Only the first line of the listing and the lines after it, up to and including the one containing "Proof. by case: lieQ", should be retyped exactly.

» RECORD EXCERPTS
****************
Section SemidirectPullback.
Variables (B C : {vspace L}) (Q : vectType F) (brQ : Q -> Q -> Q) (pi : L -> Q)
  (act : Q -> subvs_of B -> subvs_of B) (phi : L -> subvs_of B * Q).
Hypotheses (minB : min_ideal br B) (cenC : is_centralizer br B C)
  (lieQ : is_lie brQ) (hom_pi : lie_hom br brQ pi)
  (pi_surj : forall q, exists x, pi x = q) (pi_eq0 : forall x, pi x = 0 <-> x \in C)
  (actE : forall x b, vsval (act (pi x) b) = br x (vsval b))
  (iso_phi : lie_iso br (sd_bracket br brQ act) phi).

Let idB : ideal br B. Proof. by case: minB. Qed.

Let lin_phi : is_linear_map phi. Proof. by case: iso_phi => -[]. Qed.

Let phi_br x y : phi (br x y) = sd_bracket br brQ act (phi x) (phi y).
Proof. by case: iso_phi => -[]. Qed.

Let phi_inj : injective phi.
Proof. by case: iso_phi => _ [psi phiK _]; apply: can_inj phiK. Qed.

Let phi_surj p : exists x, phi x = p.
Proof. by case: iso_phi => _ [psi _ psiK]; exists (psi p). Qed.

Let phi0 : phi 0 = 0. Proof. exact: linear_map0 lin_phi. Qed.

Let act0l b : act 0 b = 0.
Proof.
have pi0 : pi 0 = 0 by case: hom_pi => /linear_map0.
by apply: subvs_inj; rewrite -pi0 actE br0l linear0.
Qed.

Let act0r q : act q 0 = 0.
Proof.
by have [z <-] := pi_surj q; apply: subvs_inj; rewrite actE !linear0 br0r.
Qed.

Let brQ0 q : brQ q 0 = 0.
Proof. by case: lieQ => _ linQ _ _; apply: linear_map0 => a x y; apply: linQ. Qed.

Let phi_br_pullback x y : (phi y).2 = 0 -> phi (br x y) =
  (vsproj B (br (vsval (phi x).1) (vsval (phi y).1)) + act (phi x).2 (phi y).1, 0).
Proof. by move=> y2; rewrite phi_br /sd_bracket y2 act0l subr0 brQ0. Qed.

Section Pullbacks.
Variables B' U' C' : {vspace L}.
Hypotheses (B'E : forall x, (x \in B') = ((phi x).2 == 0))
  (U'E : forall x, (x \in U') = ((phi x).1 == 0))
  (cenC' : is_centralizer br B' C').

Lemma pullback_ideal : ideal br B'.
Proof. by move=> x y; rewrite !B'E => /eqP y2; rewrite phi_br_pullback. Qed.

Lemma pullback_subalg : subalg br U'.
Proof.
move=> x y; rewrite !U'E phi_br => /eqP x1 /eqP y1.
by rewrite /sd_bracket /= x1 y1 !act0r linear0 br0l linear0 !addr0 subr0.
Qed.

Lemma pullback_complements : complements U' B'.
Proof.
split.
  apply/eqP; rewrite eqEsubv subvf; apply/subvP => x _.
  have [xB xBE] := phi_surj ((phi x).1, 0).
  have [xU xUE] := phi_surj (0, (phi x).2).
  have -> : x = xB + xU.
    apply: phi_inj; rewrite linear_mapD // xBE xUE.
    by apply: injective_projections; rewrite /= ?addr0 ?add0r.
  by rewrite memv_add ?B'E ?U'E ?xBE ?xUE.
apply/eqP; rewrite -subv0; apply/subvP => x /memv_capP[].
rewrite B'E U'E memv0 => /eqP x2 /eqP x1; apply/eqP/phi_inj.
by rewrite phi0; case: (phi x) x1 x2 => b q /= -> ->.
Qed.

Lemma pullback_first_inj x y :
  x \in B' -> y \in B' -> (phi x).1 = (phi y).1 -> x = y.
Proof.
rewrite !B'E => /eqP x2 /eqP y2 xy1; apply: phi_inj.
by apply: injective_projections; rewrite ?x2 ?y2.
Qed.

Lemma pullback_neq0 : B' != 0%VS.
Proof.
have [_ nB _] := minB; apply: contraNneq nB => B'0.
have [x xE] := phi_surj (vsproj B (vpick B), 0).
have : x \in B' by rewrite B'E xE.
rewrite B'0 memv0 => /eqP x0; move: xE; rewrite x0 phi0 => -[].
by move/(congr1 vsval); rewrite vsprojK ?memv_pick // linear0 -vpick0 => ->.
Qed.

(* The first coordinates of an ideal [I <= B'] form an ideal of [L] inside
   [B], because [phi] is onto and [pi x] acts on [B] as [ad x]. *)
Lemma pullback_min_ideal : min_ideal br B'.
Proof.
split; [exact: pullback_ideal | exact: pullback_neq0 | move=> I idI sIB'].
have [_ _ minP] := minB.
have lin1 : is_linear_map (fun x => vsval (phi x).1).
  by move=> a x y; rewrite lin_phi.
have [J JE] := linear_map_image I lin1.
have idJ : ideal br J.
  move=> z _ /JE[x xI ->]; have [w wE] := phi_surj (0, pi z).
  apply/JE; exists (br w x); first exact: idI.
  rewrite phi_br_pullback; last by apply/eqP; rewrite -B'E (subvP sIB').
  by rewrite wE /= br0l !linear0 add0r actE.
have sJB : (J <= B)%VS by apply/subvP => y /JE[x _ ->]; apply: subvsP.
case: (minP J idJ sJB) => JB; [left | right].
  apply/eqP; rewrite -subv0; apply/subvP => x xI; rewrite memv0; apply/eqP.
  have : vsval (phi x).1 \in J by apply/JE; exists x.
  rewrite JB memv0 => /eqP x1.
  apply: pullback_first_inj (subvP sIB' x xI) (mem0v _) _.
  by apply: subvs_inj; rewrite x1 phi0 linear0.
apply/eqP; rewrite eqEsubv sIB'; apply/subvP => y yB'.
have : vsval (phi y).1 \in J by rewrite JB subvsP.
case/JE => x xI yx; suff -> : y = x by [].
exact: pullback_first_inj yB' (subvP sIB' x xI) (val_inj yx).
Qed.

Lemma pullback_centralizer_mem x z :
  vsval (phi x).1 + z \in C -> (phi x).2 = pi z -> x \in C'.
Proof.
move=> x1zC x2E; apply/cenC' => y; rewrite B'E => /eqP y2; apply: phi_inj.
rewrite phi_br_pullback // phi0 x2E; congr pair; apply: subvs_inj.
rewrite linearD /= vsprojK ?actE; last by apply: idB; apply: subvsP.
by rewrite -brDl (cenC _).1 ?subvsP // linear0.
Qed.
****************
» ANSWER
Section SemidirectPullback.
Variables (B C : {vspace L}) (Q : vectType F) (brQ : Q -> Q -> Q) (pi : L -> Q)
  (act : Q -> subvs_of B -> subvs_of B) (phi : L -> subvs_of B * Q).
Hypotheses (minB : min_ideal br B) (cenC : is_centralizer br B C)
  (lieQ : is_lie brQ) (hom_pi : lie_hom br brQ pi)
  (pi_surj : forall q, exists x, pi x = q) (pi_eq0 : forall x, pi x = 0 <-> x \in C)
  (actE : forall x b, vsval (act (pi x) b) = br x (vsval b))
  (iso_phi : lie_iso br (sd_bracket br brQ act) phi).

Let idB : ideal br B. Proof. by case: minB. Qed.

Let lin_phi : is_linear_map phi. Proof. by case: iso_phi => -[]. Qed.

Let phi_br x y : phi (br x y) = sd_bracket br brQ act (phi x) (phi y).
Proof. by case: iso_phi => -[]. Qed.

Let phi_inj : injective phi.
Proof. by case: iso_phi => _ [psi phiK _]; apply: can_inj phiK. Qed.

Let phi_surj p : exists x, phi x = p.
Proof. by case: iso_phi => _ [psi _ psiK]; exists (psi p). Qed.

Let phi0 : phi 0 = 0. Proof. exact: linear_map0 lin_phi. Qed.

Let act0l b : act 0 b = 0.
Proof.
have pi0 : pi 0 = 0 by case: hom_pi => /linear_map0.
by apply: subvs_inj; rewrite -pi0 actE br0l linear0.
Qed.

Let act0r q : act q 0 = 0.
Proof.
by have [z <-] := pi_surj q; apply: subvs_inj; rewrite actE !linear0 br0r.
Qed.

Let brQ0 q : brQ q 0 = 0.
Proof. by case: lieQ => _ linQ _ _; apply: linear_map0 => a x y; apply: linQ. Qed.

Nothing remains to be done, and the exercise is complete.